**** DATASET EXTRACT ****

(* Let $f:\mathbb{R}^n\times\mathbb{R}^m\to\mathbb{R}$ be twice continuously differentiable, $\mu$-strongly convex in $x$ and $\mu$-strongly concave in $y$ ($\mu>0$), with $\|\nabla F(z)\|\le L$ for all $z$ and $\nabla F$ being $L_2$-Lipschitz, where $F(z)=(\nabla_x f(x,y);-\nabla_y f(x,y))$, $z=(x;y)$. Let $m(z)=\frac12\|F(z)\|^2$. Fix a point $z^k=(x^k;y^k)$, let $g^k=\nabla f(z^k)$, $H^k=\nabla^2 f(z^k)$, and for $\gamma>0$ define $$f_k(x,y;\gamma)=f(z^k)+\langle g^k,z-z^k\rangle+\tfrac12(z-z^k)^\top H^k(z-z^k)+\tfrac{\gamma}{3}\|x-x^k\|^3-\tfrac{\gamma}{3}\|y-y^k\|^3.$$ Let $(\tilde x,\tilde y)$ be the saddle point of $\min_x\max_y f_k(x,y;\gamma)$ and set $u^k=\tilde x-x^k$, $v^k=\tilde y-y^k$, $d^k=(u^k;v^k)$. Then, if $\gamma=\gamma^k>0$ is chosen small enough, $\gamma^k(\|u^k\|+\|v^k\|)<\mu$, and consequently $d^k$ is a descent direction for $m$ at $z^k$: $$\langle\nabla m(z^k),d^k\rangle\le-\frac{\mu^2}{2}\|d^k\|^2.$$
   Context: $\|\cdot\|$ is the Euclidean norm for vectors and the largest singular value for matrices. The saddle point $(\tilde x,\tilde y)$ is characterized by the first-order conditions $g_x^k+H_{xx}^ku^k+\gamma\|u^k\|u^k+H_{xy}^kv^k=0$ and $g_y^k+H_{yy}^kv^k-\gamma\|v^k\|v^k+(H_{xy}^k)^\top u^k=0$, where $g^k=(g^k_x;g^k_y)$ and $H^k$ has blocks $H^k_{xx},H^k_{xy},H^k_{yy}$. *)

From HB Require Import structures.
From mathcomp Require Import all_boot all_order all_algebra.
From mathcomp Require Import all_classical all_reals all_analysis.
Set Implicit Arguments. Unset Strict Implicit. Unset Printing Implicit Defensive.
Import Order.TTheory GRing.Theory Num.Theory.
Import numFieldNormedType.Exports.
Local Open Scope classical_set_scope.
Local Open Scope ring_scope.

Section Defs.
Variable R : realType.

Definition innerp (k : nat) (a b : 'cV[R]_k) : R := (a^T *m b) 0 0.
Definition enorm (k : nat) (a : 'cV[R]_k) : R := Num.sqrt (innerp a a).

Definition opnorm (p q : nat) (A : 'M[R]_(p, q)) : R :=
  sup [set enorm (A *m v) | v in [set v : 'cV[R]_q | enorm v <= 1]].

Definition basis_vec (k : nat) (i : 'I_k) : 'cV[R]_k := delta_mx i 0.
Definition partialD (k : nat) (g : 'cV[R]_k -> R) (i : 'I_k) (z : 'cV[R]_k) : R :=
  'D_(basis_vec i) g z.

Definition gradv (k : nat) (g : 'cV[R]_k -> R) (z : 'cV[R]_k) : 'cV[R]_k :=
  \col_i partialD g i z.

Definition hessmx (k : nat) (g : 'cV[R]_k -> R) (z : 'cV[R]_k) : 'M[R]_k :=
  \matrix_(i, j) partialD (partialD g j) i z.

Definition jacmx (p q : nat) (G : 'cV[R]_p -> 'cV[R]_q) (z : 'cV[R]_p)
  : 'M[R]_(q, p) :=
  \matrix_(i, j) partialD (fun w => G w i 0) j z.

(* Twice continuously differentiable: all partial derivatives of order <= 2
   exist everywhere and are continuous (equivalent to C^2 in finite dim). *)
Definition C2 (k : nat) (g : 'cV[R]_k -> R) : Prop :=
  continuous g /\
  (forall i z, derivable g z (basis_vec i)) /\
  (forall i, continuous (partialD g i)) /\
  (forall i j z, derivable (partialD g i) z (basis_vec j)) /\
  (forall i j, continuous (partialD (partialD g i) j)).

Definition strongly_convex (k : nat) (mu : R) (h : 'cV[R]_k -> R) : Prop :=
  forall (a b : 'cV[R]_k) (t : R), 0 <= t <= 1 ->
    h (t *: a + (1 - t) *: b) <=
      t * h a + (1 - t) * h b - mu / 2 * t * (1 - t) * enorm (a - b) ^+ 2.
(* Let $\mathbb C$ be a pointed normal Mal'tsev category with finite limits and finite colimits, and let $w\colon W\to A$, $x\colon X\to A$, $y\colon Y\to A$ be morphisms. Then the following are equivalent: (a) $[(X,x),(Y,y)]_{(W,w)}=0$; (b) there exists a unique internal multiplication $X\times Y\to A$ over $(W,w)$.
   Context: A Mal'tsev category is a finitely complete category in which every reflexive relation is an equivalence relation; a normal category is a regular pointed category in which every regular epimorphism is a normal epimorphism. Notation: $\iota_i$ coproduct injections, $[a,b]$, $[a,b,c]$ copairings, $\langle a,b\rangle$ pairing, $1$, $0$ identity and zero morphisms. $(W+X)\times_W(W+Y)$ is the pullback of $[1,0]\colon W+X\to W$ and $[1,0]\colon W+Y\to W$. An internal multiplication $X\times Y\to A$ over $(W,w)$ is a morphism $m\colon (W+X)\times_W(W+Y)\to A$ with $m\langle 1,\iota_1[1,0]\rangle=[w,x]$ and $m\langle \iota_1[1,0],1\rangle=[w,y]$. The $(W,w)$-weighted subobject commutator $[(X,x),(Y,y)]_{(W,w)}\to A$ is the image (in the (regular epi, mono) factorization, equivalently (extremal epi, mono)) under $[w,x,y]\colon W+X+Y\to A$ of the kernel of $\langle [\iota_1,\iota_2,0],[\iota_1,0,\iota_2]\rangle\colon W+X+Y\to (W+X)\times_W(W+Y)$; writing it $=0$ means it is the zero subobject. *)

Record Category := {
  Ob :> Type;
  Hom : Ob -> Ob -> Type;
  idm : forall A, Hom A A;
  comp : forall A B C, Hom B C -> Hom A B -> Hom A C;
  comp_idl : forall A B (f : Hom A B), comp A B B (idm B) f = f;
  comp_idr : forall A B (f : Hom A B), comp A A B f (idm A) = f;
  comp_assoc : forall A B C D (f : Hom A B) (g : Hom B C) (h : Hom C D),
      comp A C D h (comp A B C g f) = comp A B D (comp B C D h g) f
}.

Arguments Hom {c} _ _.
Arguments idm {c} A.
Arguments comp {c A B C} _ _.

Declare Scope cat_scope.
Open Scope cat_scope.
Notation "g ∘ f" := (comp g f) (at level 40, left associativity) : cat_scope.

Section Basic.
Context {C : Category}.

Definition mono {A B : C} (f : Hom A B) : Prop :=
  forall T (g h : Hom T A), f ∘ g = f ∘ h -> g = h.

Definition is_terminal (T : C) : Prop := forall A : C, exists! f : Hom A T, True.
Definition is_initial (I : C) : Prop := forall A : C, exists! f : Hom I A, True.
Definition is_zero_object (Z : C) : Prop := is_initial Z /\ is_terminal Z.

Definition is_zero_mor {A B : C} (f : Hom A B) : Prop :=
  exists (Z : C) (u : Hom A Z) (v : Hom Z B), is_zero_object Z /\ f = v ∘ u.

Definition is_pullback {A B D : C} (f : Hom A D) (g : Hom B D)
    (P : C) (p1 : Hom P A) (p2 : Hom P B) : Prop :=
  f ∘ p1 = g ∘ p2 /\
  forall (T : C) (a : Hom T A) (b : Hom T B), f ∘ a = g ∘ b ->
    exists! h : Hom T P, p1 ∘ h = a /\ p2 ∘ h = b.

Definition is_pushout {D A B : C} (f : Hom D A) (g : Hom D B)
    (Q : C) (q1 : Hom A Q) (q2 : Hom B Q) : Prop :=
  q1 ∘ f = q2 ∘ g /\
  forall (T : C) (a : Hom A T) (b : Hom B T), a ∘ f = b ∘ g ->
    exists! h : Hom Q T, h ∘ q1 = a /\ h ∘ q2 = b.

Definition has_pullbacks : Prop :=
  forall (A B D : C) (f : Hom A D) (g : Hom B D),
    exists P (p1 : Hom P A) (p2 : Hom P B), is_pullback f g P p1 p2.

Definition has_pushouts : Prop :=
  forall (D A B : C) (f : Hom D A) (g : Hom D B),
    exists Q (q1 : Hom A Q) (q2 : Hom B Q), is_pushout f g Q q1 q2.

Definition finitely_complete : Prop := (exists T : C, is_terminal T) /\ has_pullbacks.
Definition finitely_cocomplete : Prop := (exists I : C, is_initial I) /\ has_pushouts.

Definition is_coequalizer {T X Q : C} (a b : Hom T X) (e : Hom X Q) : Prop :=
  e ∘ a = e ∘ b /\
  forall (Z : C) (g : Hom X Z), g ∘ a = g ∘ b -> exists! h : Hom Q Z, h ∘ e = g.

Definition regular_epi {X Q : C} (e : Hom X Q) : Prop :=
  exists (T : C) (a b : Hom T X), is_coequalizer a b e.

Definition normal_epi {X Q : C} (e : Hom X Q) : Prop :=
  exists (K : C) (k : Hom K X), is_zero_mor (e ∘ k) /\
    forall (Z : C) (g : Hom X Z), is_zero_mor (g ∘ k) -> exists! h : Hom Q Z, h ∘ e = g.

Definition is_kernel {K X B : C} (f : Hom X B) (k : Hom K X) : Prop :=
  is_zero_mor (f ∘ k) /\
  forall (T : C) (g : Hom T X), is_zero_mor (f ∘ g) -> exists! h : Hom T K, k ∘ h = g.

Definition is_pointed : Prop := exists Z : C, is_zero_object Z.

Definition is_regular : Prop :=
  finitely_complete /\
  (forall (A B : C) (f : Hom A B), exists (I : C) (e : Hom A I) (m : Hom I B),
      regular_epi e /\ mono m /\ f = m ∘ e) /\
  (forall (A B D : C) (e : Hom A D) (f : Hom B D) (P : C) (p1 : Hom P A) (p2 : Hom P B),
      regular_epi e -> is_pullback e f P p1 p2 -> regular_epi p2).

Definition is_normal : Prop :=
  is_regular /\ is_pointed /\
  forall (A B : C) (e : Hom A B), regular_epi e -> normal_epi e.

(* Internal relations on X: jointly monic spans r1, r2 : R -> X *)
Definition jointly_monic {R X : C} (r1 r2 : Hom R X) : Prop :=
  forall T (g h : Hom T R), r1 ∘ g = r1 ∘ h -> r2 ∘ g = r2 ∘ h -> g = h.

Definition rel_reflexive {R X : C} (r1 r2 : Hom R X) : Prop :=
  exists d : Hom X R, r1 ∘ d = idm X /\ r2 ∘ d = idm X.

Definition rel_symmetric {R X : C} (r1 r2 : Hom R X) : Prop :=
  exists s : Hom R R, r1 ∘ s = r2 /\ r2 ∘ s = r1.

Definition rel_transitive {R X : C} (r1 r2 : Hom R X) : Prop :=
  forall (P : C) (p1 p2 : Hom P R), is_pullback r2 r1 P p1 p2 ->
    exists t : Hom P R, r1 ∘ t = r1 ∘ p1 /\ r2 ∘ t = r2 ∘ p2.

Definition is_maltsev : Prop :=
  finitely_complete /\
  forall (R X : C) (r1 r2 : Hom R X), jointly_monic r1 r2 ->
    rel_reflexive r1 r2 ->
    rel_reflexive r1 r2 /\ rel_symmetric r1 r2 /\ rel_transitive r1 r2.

****

▶ [WORK INSTRUCTIONS] Could you filter the entries above for lines holding the string "Open" and copy them?

▶ [RESPONSE FOR THIS EXERCISE]
Local Open Scope classical_set_scope.
Local Open Scope ring_scope.
Open Scope cat_scope.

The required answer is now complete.